Sierra Leone authorities have imposed a three-day lockdown to curb the spread of Ebola, with the entire population ordered to stay at home.
There is a two-hour exemption on Friday to allow Muslim prayers and a 5-hour window for Christians on Sunday.
Volunteers are going door-to-door, looking for people with signs of the disease and reminding others how to stay safe.
Dozens of new cases are still being reported in Sierra Leone every week.
This lockdown comes amidst some rare good news. According to official figures from the World Health Organization, there were just 33 new confirmed cases last week – the lowest number since June 2014.
With these falling figures there is danger of growing complacency, the government says.

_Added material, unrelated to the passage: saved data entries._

(* For every $\epsilon>0$ and $\delta\in(0,1)$, the minimax complexity of the stochastic global oracle for the finite-sum problem $\min_{\mathbf{w}\in\mathbb{R}^d}F(\mathbf{w})=\frac1n\sum_{i=1}^n f_i(\mathbf{w})$ over the class $\Sigma$ of all such finite sums (with arbitrary, not necessarily convex or smooth, individual functions, $F$ bounded below) satisfies $$\mathfrak{M}_{\Sigma,\mathsf{S}_f}(\epsilon,\delta)\le 2n^2\log(2n/\delta).$$
   Context: The stochastic global oracle $\mathsf{S}_f$, on each call, returns the entire function $f_i$ (a complete specification of it), for an index $i\sim\mathrm{Unif}([n])$ drawn independently at each call, without revealing $i$; computational cost other than the number of oracle calls is disregarded. For a function class $\mathcal F$ and oracle $\mathsf O$, let $\mathcal A(\mathsf O,k)$ be the class of algorithms issuing at most $k$ $\mathsf O$-queries, and $\mathbf{w}_{A(f)}$ the output of $A$ on $f$. Then $\mathfrak{M}_{\mathcal F,\mathsf O}(\epsilon,\delta)=\inf\{k\in\mathbb{N}:\exists A\in\mathcal A(\mathsf O,k)\text{ with }\sup_{f\in\mathcal F}\mathbb{P}(f(\mathbf{w}_{A(f)})-f^*>\epsilon)<\delta\}$, where $f^*$ is the infimum of $f$. *)

From Stdlib Require Import Reals Lra Lia Arith List ClassicalEpsilon.
From Stdlib Require Fin.
Import ListNotations.
Open Scope R_scope.

Definition Vec (d : nat) : Type := Fin.t d -> R.

Definition Fn (d : nat) : Type := Vec d -> R.

(* F(w) = (1/n) * sum_{i=0}^{n-1} f_i(w)   (indices 0..n-1 encode [n]) *)
Definition finite_sum {d : nat} (n : nat) (f : nat -> Fn d) (w : Vec d) : R :=
  / INR n * fold_right Rplus 0 (map (fun i => f i w) (seq 0 n)).

Definition bounded_below {d : nat} (F : Fn d) : Prop :=
  exists b : R, forall w, b <= F w.

Definition is_inf {d : nat} (F : Fn d) (m : R) : Prop :=
  (forall w, m <= F w) /\ (forall b, (forall w, b <= F w) -> b <= m).

Fixpoint idx_seqs (n k : nat) : list (list nat) :=
  match k with
  | O => [ [] ]
  | S k' => flat_map (fun i => map (cons i) (idx_seqs n k')) (seq 0 n)
  end.

Definition decide (P : Prop) : bool :=
  if excluded_middle_informative P then true else false.

(* Probability of event E when the k indices are i.i.d. uniform on [n]:
   (number of index sequences in E) / n^k. *)
Definition prob_idx (n k : nat) (E : list nat -> Prop) : R :=
  INR (length (filter (fun s => decide (E s)) (idx_seqs n k))) / INR (n ^ k).

(* An algorithm issuing k queries to the stochastic global oracle: it only sees
   the list of returned functions (f_{i_1}, ..., f_{i_k}), not the indices,
   and outputs a point.  Adaptivity is irrelevant since the oracle takes no
   input; issuing fewer than k queries is subsumed by ignoring samples. *)
Definition algorithm (d : nat) : Type := list (Fn d) -> Vec d.

Definition fails {d : nat} (n : nat) (f : nat -> Fn d) (eps : R)
    (A : algorithm d) (s : list nat) : Prop :=
  forall m, is_inf (finite_sum n f) m ->
    finite_sum n f (A (map f s)) - m > eps.

Definition achieves (d n k : nat) (eps delta : R) : Prop :=
  exists A : algorithm d, exists eta : R, eta < delta /\
    forall f : nat -> Fn d, bounded_below (finite_sum n f) ->
      prob_idx n k (fails n f eps A) <= eta.

(* The algorithm only sees a multiset of functions, but that suffices to recover F
   once it knows, for each distinct function g drawn, the number c_g of indices i
   with f_i = g: then F = (1/n) Σ_g c_g g, and an ε-minimiser of it is returned.
   If the n components are pairwise distinct, seeing n distinct functions certifies
   c_g = 1, and by the coupon-collector bound some component is missed with
   probability at most n e^{-k/n}.  Otherwise there are at most n - 1/2 classes
   (namely Σ_i 1/c_i), and c_g is obtained by rounding n times the frequency of g;
   by Hoeffding each rounding is wrong with probability at most 2 e^{-k/(2n²)},
   so a union bound over classes gives (2n - 1) e^{-k/(2n²)}.  For
   k = ⌊2n² ln(2n/δ)⌋ both bounds are below δ. *)

From Coquelicot Require Import Coquelicot.
From Stdlib Require Import Reals Lra Lia List ClassicalEpsilon FunctionalExtensionality ZArith.
Open Scope R_scope.

Definition sumR {A} (l : list A) (g : A -> R) : R :=
  fold_right (fun x acc => g x + acc) 0 l.

Lemma sumR_cons {A} (x : A) l g : sumR (x :: l) g = g x + sumR l g.
Proof. reflexivity. Qed.

Lemma sumR_app {A} (l1 l2 : list A) g : sumR (l1 ++ l2) g = sumR l1 g + sumR l2 g.
Proof. induction l1 as [|x l1 IH]; simpl; [lra|]. rewrite IH; lra. Qed.

Lemma sumR_map {A B} (h : A -> B) l g : sumR (map h l) g = sumR l (fun x => g (h x)).
Proof. induction l as [|x l IH]; simpl; [|rewrite IH]; reflexivity. Qed.

Lemma sumR_flat_map {A B} (h : A -> list B) l g :
  sumR (flat_map h l) g = sumR l (fun x => sumR (h x) g).
Proof. induction l as [|x l IH]; simpl; [|rewrite sumR_app, IH]; reflexivity. Qed.

Lemma sumR_ext {A} (l : list A) g h : (forall x, In x l -> g x = h x) -> sumR l g = sumR l h.
Proof. induction l as [|x l IH]; simpl; intros H; [|rewrite H, IH]; auto. Qed.

Lemma sumR_le {A} (l : list A) g h : (forall x, In x l -> g x <= h x) -> sumR l g <= sumR l h.
Proof.
  induction l as [|x l IH]; simpl; intros H; [lra|].
  apply Rplus_le_compat; auto.
Qed.

Lemma sumR_plus {A} (l : list A) g h : sumR l (fun x => g x + h x) = sumR l g + sumR l h.
Proof. induction l as [|x l IH]; simpl; [|rewrite IH]; lra. Qed.

Lemma sumR_scal {A} (l : list A) c g : c * sumR l g = sumR l (fun x => c * g x).
Proof. induction l as [|x l IH]; simpl; [|rewrite <- IH]; lra. Qed.

Lemma sumR_const {A} (l : list A) c : sumR l (fun _ => c) = INR (length l) * c.
Proof. induction l as [|x l IH]; simpl length; [simpl; lra|]. rewrite S_INR. simpl. rewrite IH; lra. Qed.

Lemma sumR_swap {A B} (l1 : list A) (l2 : list B) g :
  sumR l1 (fun x => sumR l2 (g x)) = sumR l2 (fun y => sumR l1 (fun x => g x y)).
Proof.
  induction l1 as [|x l1 IH]; simpl.
  - induction l2 as [|y l2 IH2]; simpl; [|rewrite <- IH2]; lra.
  - rewrite IH, <- sumR_plus. reflexivity.
Qed.

Lemma sumR_nonneg {A} (l : list A) g : (forall x, In x l -> 0 <= g x) -> 0 <= sumR l g.
Proof. intros H. rewrite <- (Rmult_0_r (INR (length l))), <- sumR_const. apply sumR_le; auto. Qed.

Lemma sumR_ge_term {A} (l : list A) g x :
  In x l -> (forall y, In y l -> 0 <= g y) -> g x <= sumR l g.
Proof.
  induction l as [|y l IH]; simpl; intros Hx Hg; [destruct Hx|].
  destruct Hx as [<-|Hx].
  - pose proof (sumR_nonneg l g (fun z Hz => Hg z (or_intror Hz))). lra.
  - pose proof (Hg y (or_introl eq_refl)). pose proof (IH Hx (fun z Hz => Hg z (or_intror Hz))). lra.
Qed.

Lemma fold_right_Rplus_map (l : list nat) (g : nat -> R) :
  fold_right Rplus 0 (map g l) = sumR l g.
Proof. induction l as [|x l IH]; simpl; [|rewrite IH]; reflexivity. Qed.

Lemma decide_true (P : Prop) : P -> decide P = true.
Proof. unfold decide; destruct (excluded_middle_informative P); tauto. Qed.

Lemma decide_false (P : Prop) : ~ P -> decide P = false.
Proof. unfold decide; destruct (excluded_middle_informative P); tauto. Qed.

Definition ind (P : Prop) : R := if decide P then 1 else 0.

Lemma ind_true (P : Prop) : P -> ind P = 1.
Proof. intros H. unfold ind. rewrite decide_true; auto. Qed.

Lemma ind_false (P : Prop) : ~ P -> ind P = 0.
Proof. intros H. unfold ind. rewrite decide_false; auto. Qed.

Lemma ind_bounds (P : Prop) : 0 <= ind P <= 1.
Proof. unfold ind; destruct (decide P); lra. Qed.

Lemma ind_mono (P Q : Prop) : (P -> Q) -> ind P <= ind Q.
Proof.
  intros H. destruct (classic P) as [HP|HP].
  - rewrite !ind_true; auto; lra.
  - rewrite ind_false; auto. apply ind_bounds.
Qed.

Lemma ind_or_le (P Q1 Q2 : Prop) : (P -> Q1 \/ Q2) -> ind P <= ind Q1 + ind Q2.
Proof.
  intros H. pose proof (ind_bounds Q1). pose proof (ind_bounds Q2).
  destruct (classic P) as [HP|HP]; [|rewrite ind_false by auto; lra].
  rewrite ind_true by auto.
  destruct (H HP); [rewrite (ind_true Q1) | rewrite (ind_true Q2)]; auto; lra.
Qed.

Lemma ind_exists_le (P : Prop) (l : list nat) (Q : nat -> Prop) :
  (P -> exists i, In i l /\ Q i) -> ind P <= sumR l (fun i => ind (Q i)).
Proof.
  intros H. destruct (classic P) as [HP|HP].
  - destruct (H HP) as [i [Hi HQ]]. rewrite ind_true, <- (ind_true _ HQ) by auto.
    apply (sumR_ge_term l (fun i => ind (Q i))); auto. intros; apply ind_bounds.
  - rewrite ind_false by auto. apply sumR_nonneg; intros; apply ind_bounds.
Qed.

This is one of the main reasons behind the lockdown – volunteers will remind people how to protect themselves against a virus that is still a real threat.
They will focus their efforts on northern and western areas where some infections still come as a surprise to officials – 16% of cases last week were not known Ebola contacts.
Experts have criticized previous stay-at-homes as too heavy-handed and top-down in their approach. Concerns were raised that some people did not have access to food.
The hope is, a year after the outbreak was declared, such logistical problems have been ironed out and that this measure will bring the country closer to its goal of zero Ebola infections by April 2015 – an ambitious target that is just two weeks away.